---------- Supplied material ----------

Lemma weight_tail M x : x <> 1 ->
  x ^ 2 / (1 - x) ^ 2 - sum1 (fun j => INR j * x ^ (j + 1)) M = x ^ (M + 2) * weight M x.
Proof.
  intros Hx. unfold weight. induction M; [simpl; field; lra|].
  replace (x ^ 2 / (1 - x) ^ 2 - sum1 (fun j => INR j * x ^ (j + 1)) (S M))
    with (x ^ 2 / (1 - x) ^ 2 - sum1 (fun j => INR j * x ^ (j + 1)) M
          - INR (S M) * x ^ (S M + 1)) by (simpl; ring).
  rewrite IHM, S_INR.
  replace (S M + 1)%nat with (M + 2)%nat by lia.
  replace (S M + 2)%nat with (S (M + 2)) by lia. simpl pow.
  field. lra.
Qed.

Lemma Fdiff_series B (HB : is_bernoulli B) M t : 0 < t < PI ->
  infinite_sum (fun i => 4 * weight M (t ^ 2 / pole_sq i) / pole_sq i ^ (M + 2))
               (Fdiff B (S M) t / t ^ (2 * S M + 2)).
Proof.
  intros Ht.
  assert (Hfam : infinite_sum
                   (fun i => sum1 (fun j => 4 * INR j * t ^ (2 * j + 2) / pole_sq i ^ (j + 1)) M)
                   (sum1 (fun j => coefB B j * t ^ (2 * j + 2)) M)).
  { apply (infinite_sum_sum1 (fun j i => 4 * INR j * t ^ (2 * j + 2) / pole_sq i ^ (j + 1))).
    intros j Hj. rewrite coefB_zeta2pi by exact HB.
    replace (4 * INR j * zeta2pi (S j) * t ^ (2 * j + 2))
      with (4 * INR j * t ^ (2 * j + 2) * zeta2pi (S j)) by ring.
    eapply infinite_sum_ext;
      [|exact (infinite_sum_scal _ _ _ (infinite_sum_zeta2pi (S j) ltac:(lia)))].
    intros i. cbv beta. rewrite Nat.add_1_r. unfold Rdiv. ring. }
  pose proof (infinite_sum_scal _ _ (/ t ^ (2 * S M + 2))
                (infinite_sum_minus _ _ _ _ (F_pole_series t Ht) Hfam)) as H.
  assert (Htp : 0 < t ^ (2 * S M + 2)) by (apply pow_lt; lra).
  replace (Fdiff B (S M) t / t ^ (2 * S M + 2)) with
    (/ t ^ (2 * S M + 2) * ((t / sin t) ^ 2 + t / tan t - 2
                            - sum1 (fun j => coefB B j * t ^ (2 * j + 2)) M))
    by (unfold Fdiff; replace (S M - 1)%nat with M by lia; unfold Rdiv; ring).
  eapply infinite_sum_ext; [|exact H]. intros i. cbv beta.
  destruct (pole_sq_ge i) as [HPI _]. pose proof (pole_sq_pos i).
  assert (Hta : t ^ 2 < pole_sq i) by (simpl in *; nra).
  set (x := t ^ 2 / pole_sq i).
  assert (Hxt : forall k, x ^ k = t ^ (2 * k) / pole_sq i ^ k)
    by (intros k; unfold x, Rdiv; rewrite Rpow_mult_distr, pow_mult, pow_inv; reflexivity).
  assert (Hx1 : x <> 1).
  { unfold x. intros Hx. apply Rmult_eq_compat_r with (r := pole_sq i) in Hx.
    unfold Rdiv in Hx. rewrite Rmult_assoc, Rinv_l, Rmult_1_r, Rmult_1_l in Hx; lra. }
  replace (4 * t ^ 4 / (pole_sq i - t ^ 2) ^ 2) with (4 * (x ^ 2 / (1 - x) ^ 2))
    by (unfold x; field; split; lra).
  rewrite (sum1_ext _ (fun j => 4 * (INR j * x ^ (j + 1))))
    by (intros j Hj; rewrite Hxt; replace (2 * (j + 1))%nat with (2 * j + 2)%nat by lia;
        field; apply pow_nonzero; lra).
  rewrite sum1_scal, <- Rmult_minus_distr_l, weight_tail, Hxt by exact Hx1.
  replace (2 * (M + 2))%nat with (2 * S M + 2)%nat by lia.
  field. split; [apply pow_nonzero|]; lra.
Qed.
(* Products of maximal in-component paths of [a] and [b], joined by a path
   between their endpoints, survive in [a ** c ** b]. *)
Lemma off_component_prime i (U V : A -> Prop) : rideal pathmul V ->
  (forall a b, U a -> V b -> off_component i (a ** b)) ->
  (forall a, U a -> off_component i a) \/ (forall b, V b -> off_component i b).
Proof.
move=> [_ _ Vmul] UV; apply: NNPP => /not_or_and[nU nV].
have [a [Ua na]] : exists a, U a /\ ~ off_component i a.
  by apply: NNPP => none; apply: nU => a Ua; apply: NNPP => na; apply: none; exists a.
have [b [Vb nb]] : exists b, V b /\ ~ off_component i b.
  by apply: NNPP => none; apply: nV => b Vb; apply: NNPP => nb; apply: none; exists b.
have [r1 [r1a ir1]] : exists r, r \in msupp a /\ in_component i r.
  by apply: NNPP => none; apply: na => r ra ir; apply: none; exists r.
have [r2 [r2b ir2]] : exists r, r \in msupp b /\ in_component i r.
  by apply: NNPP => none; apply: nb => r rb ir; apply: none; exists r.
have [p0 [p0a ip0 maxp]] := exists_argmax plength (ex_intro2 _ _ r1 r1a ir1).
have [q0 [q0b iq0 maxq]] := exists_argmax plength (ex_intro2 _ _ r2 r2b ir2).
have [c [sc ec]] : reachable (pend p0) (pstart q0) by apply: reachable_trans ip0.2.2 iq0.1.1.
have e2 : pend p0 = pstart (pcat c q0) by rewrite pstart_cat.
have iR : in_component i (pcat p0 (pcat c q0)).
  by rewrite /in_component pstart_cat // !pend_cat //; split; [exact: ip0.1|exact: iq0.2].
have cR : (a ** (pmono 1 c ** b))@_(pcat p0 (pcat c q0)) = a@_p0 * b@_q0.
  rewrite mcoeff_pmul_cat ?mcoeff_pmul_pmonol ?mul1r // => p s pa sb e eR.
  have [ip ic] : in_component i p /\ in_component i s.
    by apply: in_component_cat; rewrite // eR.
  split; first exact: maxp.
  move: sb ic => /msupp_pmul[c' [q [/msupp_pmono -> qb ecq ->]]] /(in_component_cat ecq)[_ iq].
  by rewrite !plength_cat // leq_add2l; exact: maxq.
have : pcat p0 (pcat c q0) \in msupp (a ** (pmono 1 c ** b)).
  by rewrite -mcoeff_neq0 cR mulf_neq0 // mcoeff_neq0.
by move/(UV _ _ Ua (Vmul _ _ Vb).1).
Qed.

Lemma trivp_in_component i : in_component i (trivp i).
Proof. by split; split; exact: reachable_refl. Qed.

----------
---------- Supplied material ----------

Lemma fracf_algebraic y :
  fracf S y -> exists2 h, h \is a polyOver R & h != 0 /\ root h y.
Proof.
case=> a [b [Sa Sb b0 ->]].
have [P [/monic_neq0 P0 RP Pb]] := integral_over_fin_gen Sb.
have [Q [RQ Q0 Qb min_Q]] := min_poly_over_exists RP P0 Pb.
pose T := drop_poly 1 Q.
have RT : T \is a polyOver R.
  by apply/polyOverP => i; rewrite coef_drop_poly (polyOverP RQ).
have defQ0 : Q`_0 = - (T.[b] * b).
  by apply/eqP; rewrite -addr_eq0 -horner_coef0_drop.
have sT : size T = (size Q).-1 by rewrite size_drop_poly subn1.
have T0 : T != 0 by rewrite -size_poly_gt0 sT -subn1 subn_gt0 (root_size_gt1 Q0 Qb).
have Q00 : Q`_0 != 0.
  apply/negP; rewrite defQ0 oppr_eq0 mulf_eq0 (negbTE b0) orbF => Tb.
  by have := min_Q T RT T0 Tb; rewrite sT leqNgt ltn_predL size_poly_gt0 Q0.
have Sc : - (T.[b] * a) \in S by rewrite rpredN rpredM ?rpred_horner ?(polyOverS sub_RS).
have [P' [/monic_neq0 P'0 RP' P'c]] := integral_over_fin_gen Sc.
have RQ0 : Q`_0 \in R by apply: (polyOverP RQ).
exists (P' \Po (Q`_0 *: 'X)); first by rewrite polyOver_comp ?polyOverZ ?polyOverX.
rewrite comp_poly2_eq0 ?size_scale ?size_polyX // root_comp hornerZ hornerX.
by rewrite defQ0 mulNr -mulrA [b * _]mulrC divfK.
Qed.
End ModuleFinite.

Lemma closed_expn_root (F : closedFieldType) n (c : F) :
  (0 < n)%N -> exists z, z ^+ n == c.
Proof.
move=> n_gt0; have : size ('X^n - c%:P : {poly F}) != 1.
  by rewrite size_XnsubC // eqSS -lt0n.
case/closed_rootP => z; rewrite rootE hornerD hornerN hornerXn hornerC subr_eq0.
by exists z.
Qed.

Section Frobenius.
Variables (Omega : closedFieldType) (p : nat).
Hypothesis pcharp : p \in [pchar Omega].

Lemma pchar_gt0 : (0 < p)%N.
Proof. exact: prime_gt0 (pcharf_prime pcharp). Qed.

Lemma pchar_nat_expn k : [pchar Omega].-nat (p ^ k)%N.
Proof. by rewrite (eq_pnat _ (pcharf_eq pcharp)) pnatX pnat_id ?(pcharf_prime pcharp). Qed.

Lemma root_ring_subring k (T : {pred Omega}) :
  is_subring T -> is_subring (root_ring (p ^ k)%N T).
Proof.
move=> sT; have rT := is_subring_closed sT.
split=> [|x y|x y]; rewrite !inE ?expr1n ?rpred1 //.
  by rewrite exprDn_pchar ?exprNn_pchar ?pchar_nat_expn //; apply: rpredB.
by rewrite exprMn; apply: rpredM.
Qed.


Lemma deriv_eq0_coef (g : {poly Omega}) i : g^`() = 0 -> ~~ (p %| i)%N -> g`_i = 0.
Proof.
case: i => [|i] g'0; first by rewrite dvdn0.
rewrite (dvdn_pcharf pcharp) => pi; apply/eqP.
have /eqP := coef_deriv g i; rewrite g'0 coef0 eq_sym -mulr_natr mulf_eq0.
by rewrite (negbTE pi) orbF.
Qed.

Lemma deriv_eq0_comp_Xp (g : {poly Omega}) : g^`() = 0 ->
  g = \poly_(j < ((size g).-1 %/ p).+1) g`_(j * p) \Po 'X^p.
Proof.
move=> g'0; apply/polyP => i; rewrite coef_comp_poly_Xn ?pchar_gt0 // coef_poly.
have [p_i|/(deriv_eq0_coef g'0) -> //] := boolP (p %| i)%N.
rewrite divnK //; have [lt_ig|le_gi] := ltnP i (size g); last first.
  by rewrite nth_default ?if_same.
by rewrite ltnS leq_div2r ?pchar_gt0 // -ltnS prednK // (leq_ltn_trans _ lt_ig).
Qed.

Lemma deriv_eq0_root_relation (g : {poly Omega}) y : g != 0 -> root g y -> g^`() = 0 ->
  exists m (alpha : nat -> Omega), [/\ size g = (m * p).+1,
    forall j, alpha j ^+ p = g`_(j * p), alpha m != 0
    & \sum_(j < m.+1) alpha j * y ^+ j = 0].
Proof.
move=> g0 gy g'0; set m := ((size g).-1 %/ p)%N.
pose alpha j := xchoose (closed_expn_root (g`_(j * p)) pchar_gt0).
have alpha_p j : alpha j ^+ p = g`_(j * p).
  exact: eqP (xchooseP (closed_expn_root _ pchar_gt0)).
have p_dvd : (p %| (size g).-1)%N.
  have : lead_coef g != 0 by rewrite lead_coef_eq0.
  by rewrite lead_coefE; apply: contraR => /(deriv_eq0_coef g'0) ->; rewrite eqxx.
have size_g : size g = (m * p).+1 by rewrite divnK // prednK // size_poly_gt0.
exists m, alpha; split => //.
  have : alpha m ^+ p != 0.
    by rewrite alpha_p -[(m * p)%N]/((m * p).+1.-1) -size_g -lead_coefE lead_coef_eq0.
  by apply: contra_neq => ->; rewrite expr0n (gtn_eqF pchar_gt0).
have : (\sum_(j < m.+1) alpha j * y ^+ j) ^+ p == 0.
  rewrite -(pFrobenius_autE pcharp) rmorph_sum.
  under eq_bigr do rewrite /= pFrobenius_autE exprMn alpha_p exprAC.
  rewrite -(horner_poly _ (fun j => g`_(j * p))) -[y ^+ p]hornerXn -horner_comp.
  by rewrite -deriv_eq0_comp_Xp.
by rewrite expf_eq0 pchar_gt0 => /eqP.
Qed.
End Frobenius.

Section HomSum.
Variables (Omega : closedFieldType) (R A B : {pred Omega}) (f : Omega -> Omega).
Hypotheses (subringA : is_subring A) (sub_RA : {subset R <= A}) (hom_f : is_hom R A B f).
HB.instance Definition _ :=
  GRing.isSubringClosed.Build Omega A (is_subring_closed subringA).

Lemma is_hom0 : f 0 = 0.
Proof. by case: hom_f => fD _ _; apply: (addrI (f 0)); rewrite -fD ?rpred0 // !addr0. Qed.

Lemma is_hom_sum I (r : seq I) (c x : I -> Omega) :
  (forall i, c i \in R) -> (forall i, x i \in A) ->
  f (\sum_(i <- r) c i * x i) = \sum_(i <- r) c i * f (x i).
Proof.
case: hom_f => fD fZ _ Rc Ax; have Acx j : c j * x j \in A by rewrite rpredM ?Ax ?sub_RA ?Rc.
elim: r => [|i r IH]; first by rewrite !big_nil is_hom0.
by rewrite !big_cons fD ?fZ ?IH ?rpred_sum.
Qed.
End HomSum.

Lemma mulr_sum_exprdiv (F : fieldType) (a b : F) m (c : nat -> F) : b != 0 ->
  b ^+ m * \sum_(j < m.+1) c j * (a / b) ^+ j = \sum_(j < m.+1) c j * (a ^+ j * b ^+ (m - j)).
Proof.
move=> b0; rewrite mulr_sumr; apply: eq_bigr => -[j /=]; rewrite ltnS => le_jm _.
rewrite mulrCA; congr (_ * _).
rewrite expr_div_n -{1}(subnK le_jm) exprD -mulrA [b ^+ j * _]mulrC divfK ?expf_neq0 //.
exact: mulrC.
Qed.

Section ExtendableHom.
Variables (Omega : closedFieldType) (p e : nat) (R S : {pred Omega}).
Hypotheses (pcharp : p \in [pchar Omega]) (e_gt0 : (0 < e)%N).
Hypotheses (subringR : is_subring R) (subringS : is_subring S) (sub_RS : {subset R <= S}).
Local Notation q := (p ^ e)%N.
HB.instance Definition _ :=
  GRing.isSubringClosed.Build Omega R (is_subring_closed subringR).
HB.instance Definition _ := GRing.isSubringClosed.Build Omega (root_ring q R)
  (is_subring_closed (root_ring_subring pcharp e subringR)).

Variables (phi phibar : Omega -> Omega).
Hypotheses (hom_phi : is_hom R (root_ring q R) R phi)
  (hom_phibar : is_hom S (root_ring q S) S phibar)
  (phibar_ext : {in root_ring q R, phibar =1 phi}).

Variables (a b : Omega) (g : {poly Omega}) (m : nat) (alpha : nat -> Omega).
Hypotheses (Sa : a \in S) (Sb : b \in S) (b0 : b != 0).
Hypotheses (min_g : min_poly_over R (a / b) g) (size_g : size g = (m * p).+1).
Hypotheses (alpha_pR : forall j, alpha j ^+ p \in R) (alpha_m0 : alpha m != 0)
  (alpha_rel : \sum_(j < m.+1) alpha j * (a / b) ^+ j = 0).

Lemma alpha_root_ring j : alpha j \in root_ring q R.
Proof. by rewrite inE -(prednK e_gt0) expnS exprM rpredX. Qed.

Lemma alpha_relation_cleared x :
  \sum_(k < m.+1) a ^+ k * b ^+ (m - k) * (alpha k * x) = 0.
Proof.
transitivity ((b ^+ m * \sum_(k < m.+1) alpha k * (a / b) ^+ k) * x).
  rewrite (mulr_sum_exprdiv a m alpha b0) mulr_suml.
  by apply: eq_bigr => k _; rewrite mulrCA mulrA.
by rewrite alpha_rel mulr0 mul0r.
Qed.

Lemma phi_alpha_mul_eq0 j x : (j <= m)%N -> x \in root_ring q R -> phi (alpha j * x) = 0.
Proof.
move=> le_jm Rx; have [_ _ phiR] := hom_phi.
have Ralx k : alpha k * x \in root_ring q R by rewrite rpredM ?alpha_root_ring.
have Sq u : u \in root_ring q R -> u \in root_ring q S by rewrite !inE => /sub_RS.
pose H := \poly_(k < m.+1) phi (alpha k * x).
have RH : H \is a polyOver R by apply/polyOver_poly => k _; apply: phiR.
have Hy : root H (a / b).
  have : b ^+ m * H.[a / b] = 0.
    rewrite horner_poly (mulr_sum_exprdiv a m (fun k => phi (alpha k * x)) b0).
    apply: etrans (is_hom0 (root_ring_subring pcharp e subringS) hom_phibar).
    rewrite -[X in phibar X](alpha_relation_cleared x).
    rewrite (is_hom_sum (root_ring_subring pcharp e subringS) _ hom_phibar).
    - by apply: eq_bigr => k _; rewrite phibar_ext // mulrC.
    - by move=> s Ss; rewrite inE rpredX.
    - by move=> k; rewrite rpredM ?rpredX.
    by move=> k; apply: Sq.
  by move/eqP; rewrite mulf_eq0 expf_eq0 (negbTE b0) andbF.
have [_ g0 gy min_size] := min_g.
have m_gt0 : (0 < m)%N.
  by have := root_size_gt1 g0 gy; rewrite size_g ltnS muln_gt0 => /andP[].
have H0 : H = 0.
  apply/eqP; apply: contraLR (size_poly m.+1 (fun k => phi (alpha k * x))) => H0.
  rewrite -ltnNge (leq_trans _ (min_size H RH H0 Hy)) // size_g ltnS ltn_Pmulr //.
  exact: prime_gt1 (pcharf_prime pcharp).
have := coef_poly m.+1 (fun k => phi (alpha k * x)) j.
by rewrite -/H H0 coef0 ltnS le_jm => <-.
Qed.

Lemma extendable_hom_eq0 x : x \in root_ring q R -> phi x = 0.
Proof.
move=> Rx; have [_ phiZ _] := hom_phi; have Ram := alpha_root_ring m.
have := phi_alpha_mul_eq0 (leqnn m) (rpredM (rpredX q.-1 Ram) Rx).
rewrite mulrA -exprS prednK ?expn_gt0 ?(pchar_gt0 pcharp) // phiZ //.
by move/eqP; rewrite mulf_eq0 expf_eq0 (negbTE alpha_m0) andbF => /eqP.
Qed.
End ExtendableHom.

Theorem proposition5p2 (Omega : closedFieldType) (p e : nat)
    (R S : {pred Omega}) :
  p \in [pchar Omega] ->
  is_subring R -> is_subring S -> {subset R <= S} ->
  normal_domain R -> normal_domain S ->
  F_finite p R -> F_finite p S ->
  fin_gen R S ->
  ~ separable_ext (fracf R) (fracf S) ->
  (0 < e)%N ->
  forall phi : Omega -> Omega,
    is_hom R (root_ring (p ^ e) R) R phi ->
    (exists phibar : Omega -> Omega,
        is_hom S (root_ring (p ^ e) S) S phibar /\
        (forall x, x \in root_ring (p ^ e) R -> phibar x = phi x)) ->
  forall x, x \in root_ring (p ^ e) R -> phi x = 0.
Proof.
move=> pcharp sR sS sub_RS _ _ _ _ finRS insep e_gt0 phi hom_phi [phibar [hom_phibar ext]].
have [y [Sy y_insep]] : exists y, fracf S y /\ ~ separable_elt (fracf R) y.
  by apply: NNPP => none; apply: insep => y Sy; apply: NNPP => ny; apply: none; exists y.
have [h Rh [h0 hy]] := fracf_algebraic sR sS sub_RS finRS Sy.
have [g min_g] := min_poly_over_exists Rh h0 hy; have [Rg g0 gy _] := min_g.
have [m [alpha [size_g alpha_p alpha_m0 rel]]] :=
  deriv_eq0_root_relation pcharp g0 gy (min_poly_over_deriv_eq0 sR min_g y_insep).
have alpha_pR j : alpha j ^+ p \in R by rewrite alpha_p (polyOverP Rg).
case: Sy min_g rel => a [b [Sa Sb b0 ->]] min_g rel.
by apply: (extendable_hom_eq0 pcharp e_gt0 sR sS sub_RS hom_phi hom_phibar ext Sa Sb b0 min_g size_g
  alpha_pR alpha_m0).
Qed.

----------
---------- Supplied material ----------

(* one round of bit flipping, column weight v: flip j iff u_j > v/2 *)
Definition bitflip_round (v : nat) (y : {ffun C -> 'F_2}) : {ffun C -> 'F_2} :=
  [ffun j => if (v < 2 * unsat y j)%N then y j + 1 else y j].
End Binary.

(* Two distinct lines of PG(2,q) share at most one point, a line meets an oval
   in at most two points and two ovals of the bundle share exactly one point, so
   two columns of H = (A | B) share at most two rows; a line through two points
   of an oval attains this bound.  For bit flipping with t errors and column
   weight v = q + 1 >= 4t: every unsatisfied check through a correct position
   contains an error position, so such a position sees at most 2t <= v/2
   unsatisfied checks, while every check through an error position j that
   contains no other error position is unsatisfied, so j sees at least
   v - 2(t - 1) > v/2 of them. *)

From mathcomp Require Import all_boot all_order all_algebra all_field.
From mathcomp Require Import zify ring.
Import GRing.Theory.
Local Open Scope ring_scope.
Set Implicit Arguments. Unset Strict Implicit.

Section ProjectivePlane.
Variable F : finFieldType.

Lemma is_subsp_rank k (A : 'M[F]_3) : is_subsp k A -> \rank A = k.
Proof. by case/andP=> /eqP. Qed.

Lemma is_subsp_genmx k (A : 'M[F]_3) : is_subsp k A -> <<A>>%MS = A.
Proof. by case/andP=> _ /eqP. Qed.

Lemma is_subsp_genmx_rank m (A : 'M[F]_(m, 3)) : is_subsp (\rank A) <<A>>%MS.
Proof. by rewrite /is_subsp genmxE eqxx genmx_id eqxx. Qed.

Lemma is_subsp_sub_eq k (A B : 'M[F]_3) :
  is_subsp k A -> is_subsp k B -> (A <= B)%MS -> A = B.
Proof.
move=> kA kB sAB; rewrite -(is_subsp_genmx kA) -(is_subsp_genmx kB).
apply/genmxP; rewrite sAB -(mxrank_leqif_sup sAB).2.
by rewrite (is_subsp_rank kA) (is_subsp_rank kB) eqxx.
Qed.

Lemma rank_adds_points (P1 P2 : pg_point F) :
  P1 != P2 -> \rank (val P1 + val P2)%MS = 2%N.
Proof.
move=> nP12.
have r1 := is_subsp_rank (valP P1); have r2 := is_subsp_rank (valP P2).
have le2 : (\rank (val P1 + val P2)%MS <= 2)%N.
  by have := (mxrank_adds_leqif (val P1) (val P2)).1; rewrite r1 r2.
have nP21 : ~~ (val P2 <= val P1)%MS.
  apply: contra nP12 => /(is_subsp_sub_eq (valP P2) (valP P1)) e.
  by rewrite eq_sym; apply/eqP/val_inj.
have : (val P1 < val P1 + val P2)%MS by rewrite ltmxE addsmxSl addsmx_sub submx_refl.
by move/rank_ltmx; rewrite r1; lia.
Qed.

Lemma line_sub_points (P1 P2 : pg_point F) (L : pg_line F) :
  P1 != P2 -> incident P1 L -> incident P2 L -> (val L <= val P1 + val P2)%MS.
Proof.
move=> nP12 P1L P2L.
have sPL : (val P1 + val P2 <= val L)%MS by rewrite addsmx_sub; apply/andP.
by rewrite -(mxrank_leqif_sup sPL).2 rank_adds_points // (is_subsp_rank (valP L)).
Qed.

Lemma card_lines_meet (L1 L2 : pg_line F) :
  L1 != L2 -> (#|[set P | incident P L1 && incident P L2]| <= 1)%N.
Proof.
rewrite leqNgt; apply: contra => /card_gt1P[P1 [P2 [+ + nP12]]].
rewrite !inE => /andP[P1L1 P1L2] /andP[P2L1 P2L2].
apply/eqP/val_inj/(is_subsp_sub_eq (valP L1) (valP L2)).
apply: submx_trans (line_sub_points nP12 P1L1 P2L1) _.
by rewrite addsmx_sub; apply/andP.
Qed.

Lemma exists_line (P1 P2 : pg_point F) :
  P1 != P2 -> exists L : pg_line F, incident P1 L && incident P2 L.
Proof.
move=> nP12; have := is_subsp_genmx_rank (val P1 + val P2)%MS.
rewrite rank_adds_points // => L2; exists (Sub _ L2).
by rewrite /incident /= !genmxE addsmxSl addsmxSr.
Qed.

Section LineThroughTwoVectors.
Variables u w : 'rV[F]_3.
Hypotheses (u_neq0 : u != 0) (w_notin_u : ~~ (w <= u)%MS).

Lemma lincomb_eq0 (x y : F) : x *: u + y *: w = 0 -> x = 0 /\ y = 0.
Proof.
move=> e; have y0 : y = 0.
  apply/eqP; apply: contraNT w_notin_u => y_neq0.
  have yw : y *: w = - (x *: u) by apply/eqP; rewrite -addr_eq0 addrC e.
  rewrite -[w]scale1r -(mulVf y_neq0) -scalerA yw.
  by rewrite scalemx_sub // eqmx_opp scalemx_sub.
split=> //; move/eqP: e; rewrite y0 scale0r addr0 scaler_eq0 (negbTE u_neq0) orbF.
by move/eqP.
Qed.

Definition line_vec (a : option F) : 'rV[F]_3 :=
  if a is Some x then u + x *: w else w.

----------

* Exercise aim *
Look back at the entries above and repeat, unchanged, every line from the line holding "Lemma weight_tail M x : x <> 1 ->" through the line holding "- sum1 (fun j => coefB".

* Exercise answer *
Lemma weight_tail M x : x <> 1 ->
  x ^ 2 / (1 - x) ^ 2 - sum1 (fun j => INR j * x ^ (j + 1)) M = x ^ (M + 2) * weight M x.
Proof.
  intros Hx. unfold weight. induction M; [simpl; field; lra|].
  replace (x ^ 2 / (1 - x) ^ 2 - sum1 (fun j => INR j * x ^ (j + 1)) (S M))
    with (x ^ 2 / (1 - x) ^ 2 - sum1 (fun j => INR j * x ^ (j + 1)) M
          - INR (S M) * x ^ (S M + 1)) by (simpl; ring).
  rewrite IHM, S_INR.
  replace (S M + 1)%nat with (M + 2)%nat by lia.
  replace (S M + 2)%nat with (S (M + 2)) by lia. simpl pow.
  field. lra.
Qed.

Lemma Fdiff_series B (HB : is_bernoulli B) M t : 0 < t < PI ->
  infinite_sum (fun i => 4 * weight M (t ^ 2 / pole_sq i) / pole_sq i ^ (M + 2))
               (Fdiff B (S M) t / t ^ (2 * S M + 2)).
Proof.
  intros Ht.
  assert (Hfam : infinite_sum
                   (fun i => sum1 (fun j => 4 * INR j * t ^ (2 * j + 2) / pole_sq i ^ (j + 1)) M)
                   (sum1 (fun j => coefB B j * t ^ (2 * j + 2)) M)).
  { apply (infinite_sum_sum1 (fun j i => 4 * INR j * t ^ (2 * j + 2) / pole_sq i ^ (j + 1))).
    intros j Hj. rewrite coefB_zeta2pi by exact HB.
    replace (4 * INR j * zeta2pi (S j) * t ^ (2 * j + 2))
      with (4 * INR j * t ^ (2 * j + 2) * zeta2pi (S j)) by ring.
    eapply infinite_sum_ext;
      [|exact (infinite_sum_scal _ _ _ (infinite_sum_zeta2pi (S j) ltac:(lia)))].
    intros i. cbv beta. rewrite Nat.add_1_r. unfold Rdiv. ring. }
  pose proof (infinite_sum_scal _ _ (/ t ^ (2 * S M + 2))
                (infinite_sum_minus _ _ _ _ (F_pole_series t Ht) Hfam)) as H.
  assert (Htp : 0 < t ^ (2 * S M + 2)) by (apply pow_lt; lra).
  replace (Fdiff B (S M) t / t ^ (2 * S M + 2)) with
    (/ t ^ (2 * S M + 2) * ((t / sin t) ^ 2 + t / tan t - 2
                            - sum1 (fun j => coefB B j * t ^ (2 * j + 2)) M))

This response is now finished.